» About this exercise:
When the line containing "intros HA HB" appears in the data below, begin copying there and stop only after the line containing "Rle_lt_trans; [apply vnorm_comb_sub_le;".

====== Given entries ======

Lemma arcpt_continuous n A B t b : on_sphere n A -> on_sphere n B -> -1 < dot n A B ->
  0 <= t <= 1 -> 0 < b ->
  exists s, 0 < s /\ forall A' B', vnorm n (vsub A A') < s -> vnorm n (vsub B B') < s ->
    vnorm n (vsub (arcpt n A B t) (arcpt n A' B' t)) < b.
Proof.
  intros HA HB Hc Ht Hb. pose proof (vnorm_comb_gt0 n A B t HA HB Ht Hc) as HN.
  set (N := vnorm n (comb A B t)) in *.
  exists (N * Rmin (1 / 2) (b / 2)). split; [apply Rmult_lt_0_compat; [|apply Rmin_glb_lt]; lra|].
  intros A' B' HA' HB'. pose proof (Rmin_l (1 / 2) (b / 2)) as Hs1.
  pose proof (Rmin_r (1 / 2) (b / 2)) as Hs2.
  assert (Hs : N * Rmin (1 / 2) (b / 2) <= N / 2 /\ N * Rmin (1 / 2) (b / 2) <= N * (b / 2))
    by (split; nra).
  set (s := N * Rmin (1 / 2) (b / 2)) in *. destruct Hs as [HsN Hsb].
  assert (Hd : vnorm n (vsub (comb A B t) (comb A' B' t)) < s).
  { eapply Rle_lt_trans; [apply vnorm_comb_sub_le; auto | apply convex_comb_lt; auto]. }
  assert (HN' : 0 < vnorm n (comb A' B' t)).
  { pose proof (vnorm_diff_le n (comb A B t) (comb A' B' t)) as H.
    apply Rabs_le_between in H. fold N in H. nra. }
  eapply Rle_lt_trans; [apply vnorm_normalize_sub; auto|]. fold N.
  apply Rmult_lt_reg_r with N; [lra|]. unfold Rdiv. rewrite Rmult_assoc, Rinv_l by lra. nra.
Qed.

(** * Limits of spherical convex sets *)

Lemma hclosure_sconv_arc_closed n W : hclosure n (H_sconv n) W -> arc_closed n W.
Proof.
  intros [[HWne HW] Happ] A B t HA HB Hc Ht.
  assert (HAs := proj1 HW A HA). assert (HBs := proj1 HW B HB).
  apply (closed_sub_near n W); [auto | apply arcpt_sphere; auto |]. intros a Ha.
  destruct (arcpt_continuous n A B t (a / 2) HAs HBs Hc Ht ltac:(lra)) as [s [Hs Hcont]].
  set (a' := Rmin s (Rmin (a / 2) 2)).
  assert (Ha' : 0 < a' <= 2 /\ a' <= s /\ a' <= a / 2).
  { unfold a'. pose proof (Rmin_l s (Rmin (a / 2) 2)). pose proof (Rmin_r s (Rmin (a / 2) 2)).
    pose proof (Rmin_l (a / 2) 2). pose proof (Rmin_r (a / 2) 2).
    repeat split; try lra. repeat apply Rmin_glb_lt; lra. }
  destruct Ha' as [Ha'2 [Ha's Ha'a]].
  destruct (Happ (arc_of_chord a') (arc_of_chord_gt0 a' Ha'2)) as [V [r [[HVne [HV HVc]] [Hd Hr]]]].
  destruct (hdist_near n V W r a' HV HW HVne HWne Hd Ha'2 Hr) as [HVW HWV].
  destruct (HWV A HA) as [A' [HA' HAA']]. destruct (HWV B HB) as [B' [HB' HBB']].
  assert (HX' : V (arcpt n A' B' t)) by (apply (proj2 HVc A' B' HA' HB'); exists t; auto).
  destruct (HVW _ HX') as [y [Hy HX'y]].
  exists y. split; auto.
  pose proof (vnorm_sub_triangle n (arcpt n A B t) (arcpt n A' B' t) y).
  assert (vnorm n (vsub (arcpt n A B t) (arcpt n A' B' t)) < a / 2) by (apply Hcont; lra).
  lra.
Qed.

Lemma sconv_pole n V : H_sconv n V -> exists P, V P /\ forall v, V v -> 0 < dot n P v.
Proof.
  intros [HVne [HV [[Q [HQ HQV]] Hconv]]].
  assert (Hpos : forall v, V v -> 0 < dot n (opp Q) v).
  { intros v Hv. rewrite dot_oppl. apply Ropp_0_gt_lt_contravar, Rnot_le_gt.
    intro Hle. apply (HQV v Hv). split; [apply HV | lra]; auto. }
  destruct (closest_spec n V (opp Q) HV HVne) as [HP Hmax].
  set (P := closest n V (opp Q)) in *.
  pose proof (arc_closed_argmax_dot_le n V (opp Q) P (proj1 HV) (sconv_arc_closed n V
    (conj (ex_intro _ Q (conj HQ HQV)) Hconv)) HP Hmax (Rlt_le _ _ (Hpos P HP))) as Hfo.
  exists P. split; auto. intros v Hv.
  specialize (Hfo v Hv). pose proof (Hpos v Hv). pose proof (Hpos P HP). nra.
Qed.

Lemma hclosure_sconv_near_pole n W : hclosure n (H_sconv n) W -> forall a, 0 < a <= 2 ->
  exists P, on_sphere n P /\ (exists w, W w /\ vnorm n (vsub P w) < a) /\
    forall w, W w -> - a < dot n P w.
Proof.
  intros [[HWne HW] Happ] a Ha.
  destruct (Happ (arc_of_chord a) (arc_of_chord_gt0 a Ha)) as [V [r [HVsc [Hd Hr]]]].
  pose proof HVsc as [HVne [HV _]].
  destruct (hdist_near n V W r a HV HW HVne HWne Hd Ha Hr) as [HVW HWV].
  destruct (sconv_pole n V HVsc) as [P [HP HPpos]].
  exists P. split; [apply HV; auto | split; [apply HVW; auto |]].
  intros w Hw. destruct (HWV w Hw) as [v [Hv Hwv]].
  pose proof (sphere_lipschitz n P (proj1 HV P HP) w v). pose proof (HPpos v Hv).
  apply Rabs_le_between in H. lra.
Qed.

Lemma hclosure_sconv_pole n W : hclosure n (H_sconv n) W ->
  exists P, W P /\ forall w, W w -> 0 <= dot n P w.
Proof.
  intros HWcl. pose proof HWcl as [[HWne HW] _].
  assert (Hk : forall k : nat, exists P, on_sphere n P /\
     (exists w, W w /\ vnorm n (vsub P w) < / (INR k + 1)) /\
     forall w, W w -> - / (INR k + 1) < dot n P w).
  { intro k. apply hclosure_sconv_near_pole; auto.
    assert (1 <= INR k + 1) by (pose proof (pos_INR k); lra).
    split; [apply Rinv_0_lt_compat; lra|].
    apply Rle_trans with 1; [|lra]. rewrite <- Rinv_1. apply Rinv_le_contravar; lra. }
  set (Pk := fun k => proj1_sig (constructive_indefinite_description _ (Hk k))).
  assert (HPk : forall k, on_sphere n (Pk k) /\
     (exists w, W w /\ vnorm n (vsub (Pk k) w) < / (INR k + 1)) /\
     forall w, W w -> - / (INR k + 1) < dot n (Pk k) w)
    by (intro k; unfold Pk; destruct constructive_indefinite_description; auto).
  destruct (sphere_subseq_cv n Pk) as [phi [P [Hphi [HP Hcv]]]]; [intro; apply HPk|].
  exists P. split.
  - apply (closed_sub_near n W P HW HP). intros a Ha.
    destruct (subseq_late n Pk phi P (a / 2) Hphi Hcv ltac:(lra)) as [k [Hk1 Hk2]].
    destruct (HPk (phi k)) as [_ [[w [Hw Hpw]] _]].
    exists w. split; auto.
    pose proof (vnorm_sub_triangle n P (Pk (phi k)) w). rewrite vnorm_sub_comm in Hk1. lra.
  - intros w Hw. apply Rnot_lt_le. intro Hneg.
    destruct (subseq_late n Pk phi P (- dot n P w / 2) Hphi Hcv ltac:(lra)) as [k [Hk1 Hk2]].
    destruct (HPk (phi k)) as [_ [_ Hall]]. specialize (Hall w Hw).
    pose proof (sphere_lipschitz n w (proj1 HW w Hw) (Pk (phi k)) P).
    rewrite !(dot_comm n w) in H. apply Rabs_le_between in H. lra.
Qed.

(** * Wulff approximants *)

(** The support inequalities of [W] (one for each [u] in the unit ball nonnegative on [W])
    relaxed by [(1 - c^2) P.x], which makes [P] interior, and cut down to the cap
    [P.x >= 1 - c], which keeps the set away from [H(-P)]. *)
Definition wulff_approx n (W : pset) P c : pset := fun x =>
  on_sphere n x /\ 1 - c <= dot n P x /\
  forall u, dot n u u <= 1 -> (forall w, W w -> 0 <= dot n u w) ->
    0 <= dot n u x + (1 - c * c) * dot n P x.

Section WulffApprox.
Variables (n : nat) (W : pset) (P : point) (c : R).
Hypotheses (HW : closed_sub n W) (HWP : W P) (HPpos : forall w, W w -> 0 <= dot n P w).
Hypotheses (Harc : arc_closed n W) (Hc : 0 < c < 1).

Let V := wulff_approx n W P c.
Let HPs : on_sphere n P := proj1 HW P HWP.

Lemma wulff_approx_of_mem x : W x -> 1 - c <= dot n P x -> V x.
Proof.
  intros Hx HPx. split; [apply HW; auto | split; auto].
  intros u _ Hu. specialize (Hu x Hx). assert (0 <= 1 - c * c) by nra. nra.
Qed.

Lemma wulff_approx_closed : closed_sub n V.
Proof.
  split; [intros x [Hx _]; auto|]. intros x Hx Hap.
  pose proof (chord_near_of_sdist_near n V x (fun y Hy => proj1 Hy) Hx Hap) as Hnear.
  split; [auto | split].
  - apply (ge_of_lipschitz_near n (dot n P) 1 (1 - c) x ltac:(lra) (sphere_lipschitz n P HPs)).
    intros b Hb. destruct (Hnear b Hb) as [y [[_ [Hy _]] Hxy]]. eauto.
  - intros u Hu HuW.
    set (v := fun i => 1 * u i + (1 - c * c) * P i).
    assert (Hv : forall y, dot n v y = dot n u y + (1 - c * c) * dot n P y)
      by (intro y; unfold v; rewrite dot_combl; ring).
    rewrite <- Hv.
    apply (ge_of_lipschitz_near n (dot n v) (vnorm n v) 0 x (vnorm_ge0 n v) (dot_lipschitz n v)).
    intros b Hb. destruct (Hnear b Hb) as [y [[_ [_ Hy]] Hxy]].
    exists y. rewrite Hv. auto.
Qed.

Lemma wulff_approx_interior : interior_point n V P.
Proof.
  split; [apply wulff_approx_of_mem; auto; rewrite (proj1 HPs); lra|].
  set (d := 1 - c * c). assert (Hd : 0 < d < 1) by (unfold d; nra).
  set (a := Rmin (d / 2) c).
  assert (Ha : 0 < a <= 2) by (unfold a; split; [apply Rmin_glb_lt | pose proof (Rmin_r (d / 2) c)]; lra).
  assert (Ha1 : a <= d / 2) by apply Rmin_l. assert (Ha2 : a <= c) by apply Rmin_r.
  exists (arc_of_chord a). split; [apply Rlt_gt, arc_of_chord_gt0; auto|].
  intros Q HQ HPQ. apply (chord_lt_of_sdist_lt n P Q a HPs HQ Ha) in HPQ.
  pose proof (vnorm_sq n (vsub P Q)). rewrite sphere_chord_sq in H by auto.
  pose proof (vnorm_ge0 n (vsub P Q)).
  assert (HPQ' : 1 - a * a / 2 < dot n P Q) by nra.
  split; [auto | split; [nra|]].
  intros u Hu HuW. specialize (HuW P HWP).
  pose proof (dot_lipschitz n u P Q). apply Rabs_le_between in H1.
  assert (vnorm n u <= 1) by (apply vnorm_le; lra). fold d. nra.
Qed.

Lemma wulff_approx_arc A B X : V A -> V B -> arc n A B X -> V X.
Proof.
  intros [HA [HA1 HA2]] [HB [HB1 HB2]] [t [Ht ->]]. change (V (arcpt n A B t)).
  assert (Hab : -1 < dot n A B) by (apply (dot_gt_neg1_of_pos n A B P); auto; lra).
  split; [apply arcpt_sphere; auto | split].
  - apply dot_arcpt_ge; auto; lra.
  - intros u Hu HuW. set (v := fun i => 1 * u i + (1 - c * c) * P i).
    assert (Hv : forall y, dot n v y = dot n u y + (1 - c * c) * dot n P y)
      by (intro y; unfold v; rewrite dot_combl; ring).
    rewrite <- Hv. apply dot_arcpt_ge; auto; [lra | rewrite Hv | rewrite Hv]; auto.
Qed.

Lemma wulff_approx_avoids x : V x -> ~ Hhalf n (opp P) x.
Proof. intros [_ [H1 _]] [_ H2]. rewrite dot_oppl in H2. lra. Qed.

Lemma wulff_approx_Wulff : H_Wulff n P V.
Proof.
  pose proof wulff_approx_interior as Hint.
  split; [split; [exists P; apply Hint | apply wulff_approx_closed]|].
  split; [apply wulff_approx_avoids | split; [auto|]].
  split; [split | split; [apply wulff_approx_closed | exists P; auto]].
  - exists (opp P). split; [apply opp_sphere; auto | apply wulff_approx_avoids].
  - intros A B HA HB X. apply wulff_approx_arc; auto.
Qed.

(** Testing [x] against [u = m w0 - x], where [w0] is the point of [W] closest to [x] and
    [m = x.w0], which is nonnegative on [W] by the first-order condition. *)
Lemma wulff_approx_near_W x : V x -> exists w, W w /\ c <= dot n x w.
Proof.
  intros [Hx [HPx Hsupp]].
  destruct (closest_spec n W x HW (ex_intro _ P HWP)) as [Hw0 Hmax].
  set (w0 := closest n W x) in *. exists w0. split; auto.
  assert (Hw0s := proj1 HW w0 Hw0).
  pose proof (sphere_dot_bound n P x HPs Hx).
  set (m := dot n x w0) in *.
  assert (Hcc : 0 < 1 - c * c <= 1) by (split; nra).
  destruct (Rle_lt_dec m 0) as [Hm|Hm].
  - exfalso.
    assert (Hu : 0 <= dot n (opp x) x + (1 - c * c) * dot n P x).
    { apply Hsupp; [rewrite dot_oppl, dot_comm, dot_oppl, (proj1 Hx); lra|].
      intros w Hw. rewrite dot_oppl. specialize (Hmax w Hw). lra. }
    rewrite dot_oppl, (proj1 Hx) in Hu. nra.
  - set (u := fun i => m * w0 i + (-1) * x i).
    pose proof (arc_closed_argmax_dot_le n W x w0 (proj1 HW) Harc Hw0 Hmax (Rlt_le _ _ Hm)) as Hfo.
    assert (Huu : dot n u u = 1 - m * m)
      by (unfold u; rewrite dot_combl, !dot_combr, (proj1 Hx), (proj1 Hw0s), (dot_comm n w0 x);
          fold m; ring).
    assert (Hu : 0 <= dot n u x + (1 - c * c) * dot n P x).
    { apply Hsupp; [nra|]. intros w Hw. unfold u. rewrite dot_combl.
      specialize (Hfo w Hw). fold m in Hfo. lra. }
    unfold u in Hu. rewrite dot_combl, (proj1 Hx), (dot_comm n w0 x) in Hu. fold m in Hu. nra.
Qed.

Lemma W_near_wulff_approx w : W w -> exists x, V x /\ c <= dot n w x.
Proof.
  intros Hw. assert (Hws := proj1 HW w Hw).
  assert (Ht : 0 <= 1 - c <= 1) by lra.
  assert (HwP : dot n w P >= 0) by (rewrite dot_comm; apply Rle_ge, HPpos; auto).
  exists (arcpt n w P (1 - c)).
  assert (Hc' : -1 < dot n w P) by lra.
  split.
  - apply wulff_approx_of_mem; [apply Harc; auto|].
    apply (dot_arcpt_end n w P (1 - c)); auto.
  - replace c with (1 - (1 - c)) at 1 by ring. apply dot_arcpt_start; auto.
Qed.

Lemma wulff_approx_hdist : exists r, hdist n V W r /\ r <= acos c.
Proof.
  apply hdist_le_acos; [apply wulff_approx_closed | apply HW | | exists P; auto | lra | |].
  - exists P. apply wulff_approx_interior.
  - apply wulff_approx_near_W.
  - apply W_near_wulff_approx.
Qed.

End WulffApprox.

Theorem proposition3 (n : nat) (hn : (1 <= n)%nat) (W : pset) :
  (exists P, on_sphere n P /\ hclosure n (H_Wulff n P) W) <->
  hclosure n (H_sconv n) W.
Proof.
  split.
  - intros [P [_ [HWin Hcl]]]. split; auto. intros eps He.
    destruct (Hcl eps He) as [V [r [[[Hne Hcs] [_ [_ [Hsc _]]]] Hd]]].
    exists V, r. split; [split; [|split]|]; auto.
  - intros Hcl. pose proof (hclosure_sconv_pole n W Hcl) as [P [HWP HPpos]].
    pose proof (hclosure_sconv_arc_closed n W Hcl) as Harc.
    destruct Hcl as [[HWne HW] _].
    exists P. split; [apply HW; auto | split; [split; auto|]].
    intros eps He. destruct (acos_near1 eps He) as [c [Hc Hce]].
    destruct (wulff_approx_hdist n W P c HW HWP HPpos Harc Hc) as [r [Hr Hrc]].
    exists (wulff_approx n W P c), r. split; [apply wulff_approx_Wulff | split]; auto; lra.
Qed.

======

» Your response:
  intros HA HB Hc Ht Hb. pose proof (vnorm_comb_gt0 n A B t HA HB Ht Hc) as HN.
  set (N := vnorm n (comb A B t)) in *.
  exists (N * Rmin (1 / 2) (b / 2)). split; [apply Rmult_lt_0_compat; [|apply Rmin_glb_lt]; lra|].
  intros A' B' HA' HB'. pose proof (Rmin_l (1 / 2) (b / 2)) as Hs1.
  pose proof (Rmin_r (1 / 2) (b / 2)) as Hs2.
  assert (Hs : N * Rmin (1 / 2) (b / 2) <= N / 2 /\ N * Rmin (1 / 2) (b / 2) <= N * (b / 2))
    by (split; nra).
  set (s := N * Rmin (1 / 2) (b / 2)) in *. destruct Hs as [HsN Hsb].
  assert (Hd : vnorm n (vsub (comb A B t) (comb A' B' t)) < s).
  { eapply Rle_lt_trans; [apply vnorm_comb_sub_le; auto | apply convex_comb_lt; auto]. }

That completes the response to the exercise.